Figure 3.8: Estimated marginal means (black dots) confidence intervals (gray bars) and comparisons (blue arrows) of fuel loading across four treatments for six different fuel-class models. Non-overlapping blue arrows indicates statistical significance at the α = 0.05 level. Vegetation difference equals the transect level difference in vegetation load in the pre and post-pct conditions.
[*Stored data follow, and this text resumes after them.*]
(* Let $d=2$, $r>\frac32$, $\beta>0$, let $\eta$ be a complex-valued mean-zero function on $\Omega=[0,2\pi]^2$ with $\|\Lambda^{1/2}\eta\|_\beta<\infty$, and let $\mathbf u=(-R_2\eta,R_1\eta)$. Then $$|\langle \mathbf u\cdot\nabla\eta,\ \Lambda^{2r}e^{2\beta\Lambda}\eta\rangle|\le C\,2^rC_W(r)\,\|\eta\|_\beta\,\|\Lambda^{1/2}\eta\|_\beta^2,$$ with $C>0$ an absolute constant.
   Context: Periodic functions on $\Omega=[0,2\pi]^2$ with zero mean; $\langle\cdot,\cdot\rangle$ is the complex $L^2$ inner product. $\Lambda=(-\Delta)^{1/2}$ acts on Fourier coefficients by multiplication by $|\mathbf k|$; $R_j=\partial_j\Lambda^{-1}$ are the Riesz transforms (multiplier $ik_j/|\mathbf k|$). $\|\eta\|_\beta=\|\Lambda^re^{\beta\Lambda}\eta\|$, i.e. $\|\eta\|_\beta^2=(2\pi)^2\sum_{\mathbf k\ne0}|\mathbf k|^{2r}e^{2\beta|\mathbf k|}|\hat\eta(\mathbf k)|^2$. $C_W(r)=\frac{1}{2\pi}\frac{2r-2}{2r-3}$ (the general formula $\frac{1}{\pi2^{d-1}}\frac{2r-d}{2r-1-d}$ with $d=2$). *)

From Stdlib Require Import Reals Lra ZArith List.
Open Scope R_scope.

Definition Cx : Type := (R * R)%type.
Definition Cmul (z w : Cx) : Cx :=
  (fst z * fst w - snd z * snd w, fst z * snd w + snd z * fst w).
Definition Cconj (z : Cx) : Cx := (fst z, - snd z).
Definition Cscal (a : R) (z : Cx) : Cx := (a * fst z, a * snd z).
Definition Cmod (z : Cx) : R := sqrt (fst z ^ 2 + snd z ^ 2).
Definition Cnorm2 (z : Cx) : R := fst z ^ 2 + snd z ^ 2.

Definition Z2 : Type := (Z * Z)%type.
Definition Z2add (j l : Z2) : Z2 := (fst j + fst l, snd j + snd l)%Z.
Definition knorm (k : Z2) : R := sqrt (IZR (fst k) ^ 2 + IZR (snd k) ^ 2).

(* Unconditional (= absolute, for real/complex series) summation over an
   arbitrary index type: the net of finite partial sums converges to S. *)
Definition has_sum {T : Type} (f : T -> R) (S : R) : Prop :=
  forall eps, 0 < eps -> exists F0 : list T,
    forall F : list T, NoDup F -> incl F0 F ->
      Rabs (fold_right Rplus 0 (map f F) - S) < eps.

Definition has_sumC {T : Type} (f : T -> Cx) (S : Cx) : Prop :=
  has_sum (fun t => fst (f t)) (fst S) /\ has_sum (fun t => snd (f t)) (snd S).

(* A function eta on [0,2pi]^2 is represented by its Fourier coefficients
   eh : Z2 -> Cx, eta(x) = sum_k eh k e^{i k.x}. *)

Definition gweight (s beta : R) (k : Z2) : R :=
  Rpower (knorm k) (2 * s) * exp (2 * beta * knorm k).

(* Summand of ||Lambda^a eta||_beta^2 / (2pi)^2 for the norm with exponent r:
   |k|^{2(r+a)} e^{2 beta |k|} |eh k|^2 *)
Definition norm_term (r a beta : R) (eh : Z2 -> Cx) (k : Z2) : R :=
  gweight (r + a) beta k * Cnorm2 (eh k).

(* With u = (-R_2 eta, R_1 eta), the Fourier coefficient of u . grad eta at k is
   sum_{j+l=k} (u^(j) . (i l)) eh l, where
   u^(j) = (-(i j_2/|j|) eh j, (i j_1/|j|) eh j), so that
   u^(j) . (i l) = (j_2 l_1 - j_1 l_2)/|j| * eh j.
   The inner product <u.grad eta, Lambda^{2r} e^{2 beta Lambda} eta>
   = (2pi)^2 sum_k (u.grad eta)^(k) * conj(|k|^{2r} e^{2beta|k|} eh k),
   written as a double sum over pairs (j,l). *)
Definition ip_term (r beta : R) (eh : Z2 -> Cx) (p : Z2 * Z2) : Cx :=
  let j := fst p in let l := snd p in let k := Z2add j l in
  Cscal ((2 * PI) ^ 2 *
         ((IZR (snd j) * IZR (fst l) - IZR (fst j) * IZR (snd l)) / knorm j)
         * gweight r beta k)
        (Cmul (Cmul (eh j) (eh l)) (Cconj (eh k))).

Definition CW (r : R) : R := / (2 * PI) * ((2 * r - 2) / (2 * r - 3)).

From Stdlib Require Import Reals Lra Lia Psatz ZArith List Classical.
Open Scope R_scope.

(* Written on Fourier coefficients, the inner product is a double sum over pairs (j, l), k = j + l,
   of (2 pi)^2 (cross j l / |j|) |k|^(2r) e^(2 beta |k|) eh_j eh_l conj (eh_k).  Two pointwise facts,
   |cross j l| / |j| <= sqrt (|l| |k|) and |k|^r e^(beta |k|) <= 2^r (|j|^r + |l|^r) e^(beta |j|) e^(beta |l|),
   dominate each summand by two trilinear terms of the form f (j + l) g j m l.  Such a sum is at most
   (sum m) ||f||_2 ||g||_2 by Cauchy-Schwarz, and sum m is controlled by a further Cauchy-Schwarz against
   the weight |k|^(-r), which is square summable on Z^2 \ {0} because 2 r > 3.  The dominated double
   series then converges absolutely, and C_W(r) 2 pi >= 1 absorbs the numerical constant. *)

Lemma abs_le_sqrt x Y : x ^ 2 <= Y -> Rabs x <= sqrt Y.
Proof. intros H. rewrite <- sqrt_Rsqr_abs, Rsqr_pow2. apply sqrt_le_1_alt; auto. Qed.

Definition lsum {T : Type} (f : T -> R) (F : list T) : R := fold_right Rplus 0 (map f F).

Lemma lsum_nil {T} (f : T -> R) : lsum f nil = 0.
Proof. reflexivity. Qed.

Lemma lsum_cons {T} (f : T -> R) a F : lsum f (a :: F) = f a + lsum f F.
Proof. reflexivity. Qed.

Lemma lsum_app {T} (f : T -> R) F G : lsum f (F ++ G) = lsum f F + lsum f G.
Proof. induction F as [|a F IH]; simpl; [rewrite lsum_nil; ring|]. rewrite !lsum_cons, IH; ring. Qed.

Lemma lsum_map {T U} (f : U -> R) (g : T -> U) F : lsum f (map g F) = lsum (fun x => f (g x)) F.
Proof. unfold lsum; rewrite map_map; reflexivity. Qed.

Lemma lsum_ext {T} (f g : T -> R) F : (forall x, f x = g x) -> lsum f F = lsum g F.
Proof. intros H; unfold lsum; f_equal; apply map_ext; auto. Qed.

Lemma lsum_add {T} (f g : T -> R) F : lsum (fun x => f x + g x) F = lsum f F + lsum g F.
Proof. induction F as [|a F IH]; rewrite ?lsum_cons, ?lsum_nil; [ring|rewrite IH; ring]. Qed.

Lemma lsum_sub {T} (f g : T -> R) F : lsum (fun x => f x - g x) F = lsum f F - lsum g F.
Proof. induction F as [|a F IH]; rewrite ?lsum_cons, ?lsum_nil; [ring|rewrite IH; ring]. Qed.

Lemma lsum_scal {T} (f : T -> R) a F : lsum (fun x => a * f x) F = a * lsum f F.
Proof. induction F as [|b F IH]; rewrite ?lsum_cons, ?lsum_nil; [ring|rewrite IH; ring]. Qed.

Lemma lsum_le {T} (f g : T -> R) F : (forall x, f x <= g x) -> lsum f F <= lsum g F.
Proof. intros H; induction F as [|a F IH]; rewrite ?lsum_cons, ?lsum_nil; [lra|specialize (H a); lra]. Qed.

Lemma lsum_nonneg {T} (f : T -> R) F : (forall x, 0 <= f x) -> 0 <= lsum f F.
Proof. intros H; induction F as [|a F IH]; rewrite ?lsum_cons, ?lsum_nil; [lra|specialize (H a); lra]. Qed.

Lemma lsum_incl {T} (f : T -> R) F G :
  (forall x, 0 <= f x) -> NoDup F -> incl F G -> lsum f F <= lsum f G.
Proof.
  intros Hf; revert G; induction F as [|a F IH]; intros G HN HI.
  - rewrite lsum_nil; apply lsum_nonneg; auto.
  - inversion HN as [|? ? HaF HF]; subst.
    destruct (in_split a G) as [G1 [G2 ->]]; [apply HI; left; auto|].
    assert (HFG : lsum f F <= lsum f (G1 ++ G2)).
    { apply IH; auto. intros x Hx.
      assert (Hx' : In x (G1 ++ a :: G2)) by (apply HI; right; auto).
      apply in_app_or in Hx'; apply in_or_app.
      destruct Hx' as [|[->|]]; auto; contradiction. }
    rewrite lsum_app in HFG. rewrite lsum_cons, lsum_app, lsum_cons. lra.
Qed.

Lemma lsum_list_prod {U V} (f : U -> R) (g : V -> R) F G :
  lsum (fun p => f (fst p) * g (snd p)) (list_prod F G) = lsum f F * lsum g G.
Proof.
  induction F as [|a F IH]; [cbn [list_prod]; rewrite !lsum_nil; ring|].
  change (list_prod (a :: F) G) with (map (fun y => (a, y)) G ++ list_prod F G).
  rewrite lsum_app, IH, lsum_cons, lsum_map. cbn [fst snd]. rewrite lsum_scal. ring.
Qed.

Lemma lsum_mul_sq_le {T} (a b : T -> R) F :
  lsum (fun x => a x * b x) F ^ 2 <= lsum (fun x => a x ^ 2) F * lsum (fun x => b x ^ 2) F.
Proof.
  induction F as [|y F IH]; rewrite ?lsum_cons, ?lsum_nil; [lra|].
  set (S := lsum (fun x => a x * b x) F) in *.
  set (X := lsum (fun x => a x ^ 2) F) in *.
  set (Y := lsum (fun x => b x ^ 2) F) in *.
  assert (HX : 0 <= X) by (apply lsum_nonneg; intros; apply pow2_ge_0).
  assert (HY : 0 <= Y) by (apply lsum_nonneg; intros; apply pow2_ge_0).
  assert (Hcross : 2 * S * (a y * b y) <= X * b y ^ 2 + Y * a y ^ 2).
  { set (u := 2 * S * (a y * b y)). set (v := X * b y ^ 2 + Y * a y ^ 2).
    assert (Hv : 0 <= v) by (unfold v; pose proof (pow2_ge_0 (a y)); pose proof (pow2_ge_0 (b y)); nra).
    assert (Hu2 : u ^ 2 <= 4 * (X * Y) * (a y * b y) ^ 2).
    { unfold u. pose proof (pow2_ge_0 (a y * b y)). nra. }
    assert (Hv2 : 4 * (X * Y) * (a y * b y) ^ 2 <= v ^ 2).
    { unfold v. pose proof (pow2_ge_0 (X * b y ^ 2 - Y * a y ^ 2)). nra. }
    nra. }
  nra.
Qed.

Definition sums_bounded {T : Type} (f : T -> R) (M : R) : Prop :=
  forall F, NoDup F -> lsum f F <= M.

Lemma sums_bounded_ge0 {T} (f : T -> R) M : sums_bounded f M -> 0 <= M.
Proof. intros H. exact (H nil (NoDup_nil _)). Qed.

Lemma sums_bounded_le_fun {T} (f g : T -> R) M :
  (forall x, f x <= g x) -> sums_bounded g M -> sums_bounded f M.
Proof. intros H Hg F HF. eapply Rle_trans; [apply lsum_le; eauto | auto]. Qed.

Lemma sums_bounded_weaken {T} (f : T -> R) M M' : M <= M' -> sums_bounded f M -> sums_bounded f M'.
Proof. intros H Hf F HF. specialize (Hf F HF). lra. Qed.

Lemma sums_bounded_add {T} (f g : T -> R) M1 M2 :
  sums_bounded f M1 -> sums_bounded g M2 -> sums_bounded (fun x => f x + g x) (M1 + M2).
Proof. intros H1 H2 F HF. rewrite lsum_add. specialize (H1 F HF); specialize (H2 F HF). lra. Qed.

Lemma sums_bounded_scal {T} (f : T -> R) a M :
  0 <= a -> sums_bounded f M -> sums_bounded (fun x => a * f x) (a * M).
Proof. intros Ha H F HF. rewrite lsum_scal. apply Rmult_le_compat_l; auto. Qed.

Lemma sums_bounded_comp_inj {T U} (f : U -> R) (phi : T -> U) M :
  (forall x y, phi x = phi y -> x = y) -> sums_bounded f M -> sums_bounded (fun x => f (phi x)) M.
Proof.
  intros Hphi Hf F HF. rewrite <- lsum_map. apply Hf.
  apply NoDup_map_NoDup_ForallPairs; auto. intros x y _ _; auto.
Qed.

Lemma sums_bounded_mul_inj {T U V}
  (decU : forall x y : U, {x = y} + {x <> y}) (decV : forall x y : V, {x = y} + {x <> y})
  (f : U -> R) (g : V -> R) (phi : T -> U * V) M1 M2 :
  (forall x, 0 <= f x) -> (forall y, 0 <= g y) -> (forall x y, phi x = phi y -> x = y) ->
  sums_bounded f M1 -> sums_bounded g M2 ->
  sums_bounded (fun x => f (fst (phi x)) * g (snd (phi x))) (M1 * M2).
Proof.
  intros Hf Hg Hphi H1 H2.
  apply (sums_bounded_comp_inj (fun p => f (fst p) * g (snd p))); auto.
  intros F HF.
  set (F1 := nodup decU (map fst F)). set (F2 := nodup decV (map snd F)).
  apply Rle_trans with (lsum (fun p => f (fst p) * g (snd p)) (list_prod F1 F2)).
  - apply lsum_incl; auto.
    + intros; apply Rmult_le_pos; auto.
    + intros [u v] Hp. apply in_prod; apply nodup_In.
      * change u with (fst (u, v)); apply in_map; auto.
      * change v with (snd (u, v)); apply in_map; auto.
  - rewrite lsum_list_prod.
    pose proof (lsum_nonneg f F1 Hf). pose proof (lsum_nonneg g F2 Hg).
    pose proof (H1 F1 (NoDup_nodup _ _)). pose proof (H2 F2 (NoDup_nodup _ _)).
    apply Rmult_le_compat; auto.
Qed.

Lemma sums_bounded_mul {T} (a b : T -> R) A B :
  sums_bounded (fun x => a x ^ 2) A -> sums_bounded (fun x => b x ^ 2) B ->
  sums_bounded (fun x => a x * b x) (sqrt (A * B)).
Proof.
  intros HA HB F HF.
  pose proof (lsum_nonneg (fun x => a x ^ 2) F (fun x => pow2_ge_0 (a x))).
  pose proof (lsum_nonneg (fun x => b x ^ 2) F (fun x => pow2_ge_0 (b x))).
  pose proof (HA F HF). pose proof (HB F HF).
  apply Rle_trans with (Rabs (lsum (fun x => a x * b x) F)); [apply Rle_abs|].
  apply abs_le_sqrt. eapply Rle_trans; [apply lsum_mul_sq_le|].
  apply Rmult_le_compat; auto.
Qed.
This represents slash fuels recruited to the forest floor following the pre-commercial thinning.

Table 3.13: Estimated marginal means (Mg ha^-1) for six fuel classes and four overstory treatments before pct

class	treatment	estimate	SE	df	asymp.LCL	asymp.UCL
onehr	gs	2.6	0.5	Inf	1.63	3.6
onehr	ld	2.8	0.55	Inf	1.71	3.9
onehr	ha	1.4	0.25	Inf	0.89	1.9
onehr	hd	2.2	0.38	Inf	1.47	2.9
tenhr	gs	9	1.7	Inf	5.68	12.3
tenhr	ld	5.5	1.05	Inf	3.44	7.6
tenhr	ha	3.9	0.73	Inf	2.41	5.3
tenhr	hd	3.1	0.59	Inf	1.92	4.2
hundhr	gs	19.1	4.52	Inf	10.26	28
hundhr	ld	13.2	2.97	Inf	7.36	19
hundhr	ha	10.5	2.41	Inf	5.81	15.3
hundhr	hd	7.4	1.74	Inf	4.03	10.8
thoushr	gs	43.9	10.61	Inf	23.08	64.7
thoushr	ld	22.8	5.33	Inf	12.31	33.2
thoushr	ha	23.2	6.21	Inf	11.04	35.4
thoushr	hd	60.5	16.55	Inf	28.05	92.9
veg	gs	2.7	0.87	Inf	0.96	4.4
veg	ld	1.9	0.61	Inf	0.7	3.1
veg	ha	3.2	1.12	Inf	1.06	5.4
veg	hd	2.2	0.71	Inf	0.78	3.6
veg_diff	gs	29.6	7.99	Inf	13.95	45.3
veg_diff	ld	17.2	4.22	Inf	8.89	25.4
veg_diff	ha	10.6	2.98	Inf	4.74	16.4
veg_diff	hd	11.8	3.02	Inf	5.91	17.7

Table 3.14: Grand means (Mg ha^-1) for six fuel classes after pct.

class	1	estimate	SE	df	asymp.LCL	asymp.UCL
onehr	overall	2.3	0.36	Inf	1.5	3
tenhr	overall	5.4	0.84	Inf	3.7	7
hundhr	overall	12.6	2.2	Inf	8.3	16.9
thoushr	overall	37.6	5.61	Inf	26.6	48.6
veg	overall	2.5	0.65	Inf	1.2	3.8
veg_diff	overall	17.3	3.33	Inf	10.8	23.8

3.3.3 Pre-post commercial thinning comparison

Pre-commercial thinning led to a small increase in average 100-hr fuel loading, only for the GS treatment, increased 10-hr fuels in the GS and LD treatments, and increased 1-hr fuels for all but the HA treatment (Figure 3.9), although these results are not statistically comparable, due to slightly different model structures.

Figure 3.9: Estimated marginal means (black dots) and confidence intervals (colored bars) of fuel loading across four treatments and five different fuel classes, before and after PCT. Pre- and Post PCT models within a treatment are from similar, but not necessarily identical models.